Political solutions are not properly presented on a dingy platter of empty diplomacy, especially when a reluctant administration only presents a pissed-on tray covered with the paper doily of dogmatic idealism.

It is true the al-Assad is more bitter enemy than best friend, and not undeservingly so. His interests and ours nearly always diverge. Yet Syria must be engaged in dialog, not in spite of its roles in Lebanon and Iraq, but because of them. This is not some banana republic-like "rogue" regime. The Assads have run Syria for decades. You'd have to be smoking some pretty cosmic Lebanese hash to think they are going anywhere.

Any diplomatic engagement must be viewed as a positive step.

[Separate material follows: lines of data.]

(* Let $f:\mathbb{R}^n\to\mathbb{R}$ be subdifferentiable with subgradient Lipschitz continuous with constant $L>0$ (i.e. $\|g_x-g_y\|\le L\|x-y\|$ for all $x,y$, $g_x\in\partial f(x)$, $g_y\in\partial f(y)$). Let $x_0\in\mathbb{R}^n$ and suppose $\Omega=\{x: f(x)\le f(x_0)\}$ is compact and $f(x)\ge C$ on $\Omega$ for some constant $C$. Let $M\ge0$ be an integer, $0<\gamma<1$, and $(\eta_k)$ positive with $\sum_k\eta_k<\infty$. Let $x_{k+1}=x_k+\alpha_kd_k$, where $g_k\in\partial f(x_k)$, $d_k$ is a search direction, and $\alpha_k=(1/2)^{h_k}$ with $h_k$ the smallest integer in $\{0,1,2,\dots\}$ such that $$f(x_k+\alpha_k d_k)\le \max_{0\le j\le \min\{k,M\}} f(x_{k-j})+\gamma\alpha_k g_k^Td_k+\eta_k .$$ Suppose the search directions satisfy, for all $k$: (1) $\mu\|g_k\|\le\|d_k\|\le\nu$ for some constants $\mu,\nu>0$; and (2) $\dfrac{d_k^Tg_k}{\|d_k\|\,\|g_k\|}\le-\epsilon$ for some $\epsilon>0$. Then $$\liminf_{k\to\infty}\|g_k\|=0 .$$
   Context: A subgradient of $f$ at $x$ is any $g\in\mathbb{R}^n$ with $f(y)\ge f(x)+g^T(y-x)$ for all $y$; $\partial f(x)$ is the set of subgradients at $x$, and $f$ is subdifferentiable if $\partial f(x)\neq\emptyset$ everywhere. *)

From HB Require Import structures.
From mathcomp Require Import all_boot all_order all_algebra.
From mathcomp Require Import all_classical all_reals all_analysis.
Set Implicit Arguments. Unset Strict Implicit. Unset Printing Implicit Defensive.
Import Order.TTheory GRing.Theory Num.Theory.
Local Open Scope ring_scope.
Local Open Scope classical_set_scope.

Definition dotv {R : realType} {n : nat} (u v : 'rV[R]_n) : R :=
  \sum_(i < n) u ord0 i * v ord0 i.
Definition enorm {R : realType} {n : nat} (u : 'rV[R]_n) : R :=
  Num.sqrt (dotv u u).

Definition is_subgradient {R : realType} {n : nat} (f : 'rV[R]_n -> R)
  (x g : 'rV[R]_n) : Prop :=
  forall y, f x + dotv g (y - x) <= f y.

Definition subdiff {R : realType} {n : nat} (f : 'rV[R]_n -> R) (x : 'rV[R]_n)
  : set 'rV[R]_n := [set g | is_subgradient f x g].

Definition subdifferentiable {R : realType} {n : nat} (f : 'rV[R]_n -> R) : Prop :=
  forall x, subdiff f x !=set0.

Definition nm_max {R : realType} {n : nat} (f : 'rV[R]_n -> R)
  (x : nat -> 'rV[R]_n) (M k : nat) : R :=
  \big[Num.max/f (x k)]_(j < (minn k M).+1) f (x (k - j)%N).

It's "a more practical approach," Ziad Haider, a Lebanese journalist, told the New York Times. Practical, he says, because it represents change, the prospect of a US foreign policy not "based on demands and ideology."

So thank you, Ms. Pelosi. It is a shame that the 2008 presidential candidates appear to be afraid to take the stand that you have taken here. I hope that in twenty months, when - God willing - we get back in the White House, we will be presenting attractive options to all the players in this seemingly intractable region.

Those who advocate the current paradigm of the silent treatment think that other countries quake to find themselves on our shit list. It's obvious to me that this policy prolongs distrust and potentially breeds more anger and resentment toward the United States, when we should be looking for ways to mitigate their powerful hatred. But more than resentment, I think they and the rest of the world are disappointed in the misguided policies we have allowed our government to pursue in our name. I know I am.

It is time to clean the idealistic crud from the diplomatic tray. I don't know what morsels of the diplomacy we proffer to the Syrians or Iranians they will find to their liking. What I do understand is that our commitment will be much better demonstrated by offers presented respectfully, on a gleaming silver tray, than by Bush's ridiculously parental tone in threatening to use the platter as a blunt object on our enemies' backsides. That's no offer at all.



If your cause is peace, your dogma must be dialog.